2. Materials and Methods

We used six machine learning algorithms to estimate the AGB and adopted a three-stage strategy in the modeling process. In the first stage, allometric statistical relationships were established between the tree heights and AGB measured in the field plots, allowing tree height to be converted into AGB. In the second stage, the forest canopy heights in the ICESat/GLAS footprints were calculated, and these heights were converted into AGB (namely, GLAS-derived AGB) using the allometric models developed in the first stage. In this stage, we extended the AGB values from plot level to GLAS footprint level. In the third stage, machine learning algorithms were used to model the relationship between the environmental features and the GLAS-derived AGB to realize the spatial extrapolation, thereby expanding the GLAS footprint level AGB into wall-to-wall AGB. The follow-up is organized as follows: Section 2.1 describes the forest plot survey data and the allometric relationship results. Section 2.2 describes the ICESat/GLAS data processing process and the data sources of the environmental features. Section 2.3 describes the modeling process of the machine learning algorithms. Section 2.4 describes the verification procedure for the estimated AGB values.
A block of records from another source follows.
(* Let $\mathcal{D}$ be a distribution supported on $[0,1]$ with largest median $\nu=\sup\{y:\Pr_{x\sim\mathcal{D}}(x\le y)\le\frac12\}$. Then for all $n,m$ and every preference profile $\sigma$ on $n$ voters and $m$ alternatives, the alternative $f(\sigma)$ selected by binomial voting satisfies $\mathbb{E}[\mathrm{sw}(f(\sigma),u)]\ge\frac{\nu}{2}\max_{j\in A}\mathbb{E}[\mathrm{sw}(j,u)]$; i.e., binomial voting is a $\frac{\nu}{2}$-expected-welfare-maximizing rule for $\mathcal{D}$.
   Context: There are $n$ voters and $m$ alternatives $A=\{1,\dots,m\}$. A preference profile $\sigma$ consists of a ranking of $A$ for each voter; position $1$ is the top. Given $\mathcal{D}$ and $\sigma$, a random utility profile $u$ consistent with $\sigma$ is generated as follows: independently for each voter $i$, draw $m$ i.i.d. samples from $\mathcal{D}$ and assign them, from highest to lowest, to the alternatives in the order of voter $i$'s ranking. The social welfare of $j$ is $\mathrm{sw}(j,u)=\sum_i u_{ij}$; expectations are over $u$. Binomial voting is the scoring rule in which each voter gives $\sum_{\ell=k}^m\binom{m}{\ell}$ points to the alternative she ranks in position $k$; it selects an alternative with the largest total score (ties broken arbitrarily). *)

From HB Require Import structures.
From mathcomp Require Import all_boot all_order all_algebra all_fingroup.
From mathcomp Require Import all_classical all_reals all_analysis.
Set Implicit Arguments. Unset Strict Implicit. Unset Printing Implicit Defensive.
Import Order.TTheory GRing.Theory Num.Theory.
Local Open Scope classical_set_scope.
Local Open Scope ring_scope.

(* Positions are 0-indexed: position p (0 <= p < m) is the paper's position p+1.
   A ranking of voter i is a permutation  sigma i : {perm 'I_m}  mapping a
   position p to the alternative ranked at position p (sigma i ord0 is the top). *)
Definition profile (n m : nat) := 'I_n -> {perm 'I_m}.

Definition pos n m (sigma : profile n m) (i : 'I_n) (j : 'I_m) : 'I_m :=
  ((sigma i)^-1)%g j.

Definition binom_points (m p : nat) : nat := \sum_(p.+1 <= l < m.+1) 'C(m, l).

Definition binom_score n m (sigma : profile n m) (j : 'I_m) : nat :=
  \sum_(i < n) binom_points m (pos sigma i j).

(* f(sigma) = j is a possible output of binomial voting (ties arbitrary). *)
Definition binomial_winner n m (sigma : profile n m) (j : 'I_m) : Prop :=
  forall j' : 'I_m, (binom_score sigma j' <= binom_score sigma j)%N.

(* Random utility profile: voter i has m samples X i 0, ..., X i (m-1);
   the k-th largest of them (k 0-indexed) is assigned to alternative sigma i k. *)
Definition utility {R : realType} {T : Type} n m (sigma : profile n m)
  (X : 'I_n -> 'I_m -> T -> R) (i : 'I_n) (j : 'I_m) (w : T) : R :=
  nth 0 (sort (fun a b : R => b <= a) [seq X i l w | l <- enum 'I_m])
      (pos sigma i j).

Definition sw {R : realType} {T : Type} n m (sigma : profile n m)
  (X : 'I_n -> 'I_m -> T -> R) (j : 'I_m) (w : T) : R :=
  \sum_(i < n) utility sigma X i j w.
(* Let $(\mathfrak g,N)$ be a finite-dimensional Nijenhuis perm algebra, $r\in\mathfrak g\otimes\mathfrak g$ symmetric and $S:\mathfrak g\to\mathfrak g$ linear. Then $r$ is a solution of the $S$-admissible perm Yang–Baxter equation in $(\mathfrak g,N)$ if and only if $r^\sharp:\mathfrak g^*\to\mathfrak g$ is a weak $\mathcal O$-operator associated to $(\mathfrak g^*,R^*-L^*,R^* )$ and $S^*$. If moreover $S$ is admissible to $(\mathfrak g,N)$, then $r$ is a solution of the $S$-admissible perm Yang–Baxter equation in $(\mathfrak g,N)$ if and only if $r^\sharp$ is an $\mathcal O$-operator associated to the representation $(\mathfrak g^*,R^*-L^*,R^*,S^* )$ of $(\mathfrak g,N)$.
   Context: Over a field $K$. A (right) perm algebra: bilinear product with $(xy)z=x(yz)=x(zy)$. Nijenhuis operator: $N(x)N(y)+N^2(xy)=N(N(x)y)+N(xN(y))$. The $S$-admissible perm Yang–Baxter equation in $(\mathfrak g,N)$ for $r=\sum r^1\otimes r^2$ (second copy $\bar r$): $r_{13}r_{12}-r_{13}r_{23}+r_{23}r_{12}-r_{12}r_{23}=0$ and $(S\otimes\mathrm{id}-\mathrm{id}\otimes N)(r)=0$, where $r_{13}r_{12}=r^1\bar r^1\otimes\bar r^2\otimes r^2$, $r_{13}r_{23}=r^1\otimes\bar r^1\otimes r^2\bar r^2$, $r_{23}r_{12}=\bar r^1\otimes r^1\bar r^2\otimes r^2$, $r_{12}r_{23}=r^1\otimes r^2\bar r^1\otimes\bar r^2$. $r^\sharp(u^* )=\langle u^*,r^1\rangle r^2$. $\langle\xi R^*(a),y\rangle=\langle\xi,ya\rangle$, $\langle L^*(a)\xi,y\rangle=\langle\xi,ay\rangle$; in $(\mathfrak g^*,R^*-L^*,R^* )$ the left action is $(R^*-L^* )(a)\xi=\xi R^*(a)-L^*(a)\xi$ and the right action is $\xi R^*(a)$. A representation $(V,\ell,r)$ of $\mathfrak g$ is written with left action $\ell(x)v$ and right action $v\,r(x)$. Given a Nijenhuis perm algebra $(\mathfrak g,N)$, a representation $(V,\ell,r)$ of $\mathfrak g$ and $\alpha:V\to V$, a weak $\mathcal O$-operator associated to $(V,\ell,r)$ and $\alpha$ is a linear $T:V\to\mathfrak g$ with $T(u)T(v)=T(\ell(T(u))v+u\,r(T(v)))$ for $u,v\in V$ and $N\circ T=T\circ\alpha$; if $(V,\ell,r,\alpha)$ is a representation of $(\mathfrak g,N)$ (i.e. $\ell(N(x))\alpha(v)+\alpha^2(\ell(x)v)=\alpha(\ell(N(x))v)+\alpha(\ell(x)\alpha(v))$ and $\alpha(v)r(N(x))+\alpha^2(v\,r(x))=\alpha(v\,r(N(x)))+\alpha(\alpha(v)r(x))$) it is called an $\mathcal O$-operator associated to $(V,\ell,r,\alpha)$. $S$ is admissible to $(\mathfrak g,N)$ if $S(N(x)y)+xS^2(y)-N(x)S(y)-S(xS(y))=0$ and $S(xN(y))+S^2(x)y-S(x)N(y)-S(S(x)y)=0$. *)

From HB Require Import structures.
From mathcomp Require Import all_boot all_order all_algebra.
Set Implicit Arguments. Unset Strict Implicit. Unset Printing Implicit Defensive.
Import GRing.Theory.
Local Open Scope ring_scope.

Section Generic.
Variable K : fieldType.
Variables (G V : lmodType K).

Definition perm_algebra (mul : G -> G -> G) : Prop :=
  forall x y z, mul (mul x y) z = mul x (mul y z) /\ mul x (mul y z) = mul x (mul z y).

Definition nijenhuis (mul : G -> G -> G) (N : G -> G) : Prop :=
  forall x y, mul (N x) (N y) + N (N (mul x y)) = N (mul (N x) y) + N (mul x (N y)).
2.1. Forest Inventory Data and Allometric Equation

We collected 1607 forest plot records from a published dataset across China, mainly measured by clear-cutting or harvesting between 2000 and 2008 [38]. The dataset contains AGB, BGB, and dead biomass, as well as geographical coordinates, diameters at breast-height (DBH), and tree heights. We identified the forest type of each record using a forest cover map from a land cover product [39]. Then, records without tree height, AGB, and forest type were filtered out, and 370 records were retained to construct allometric model.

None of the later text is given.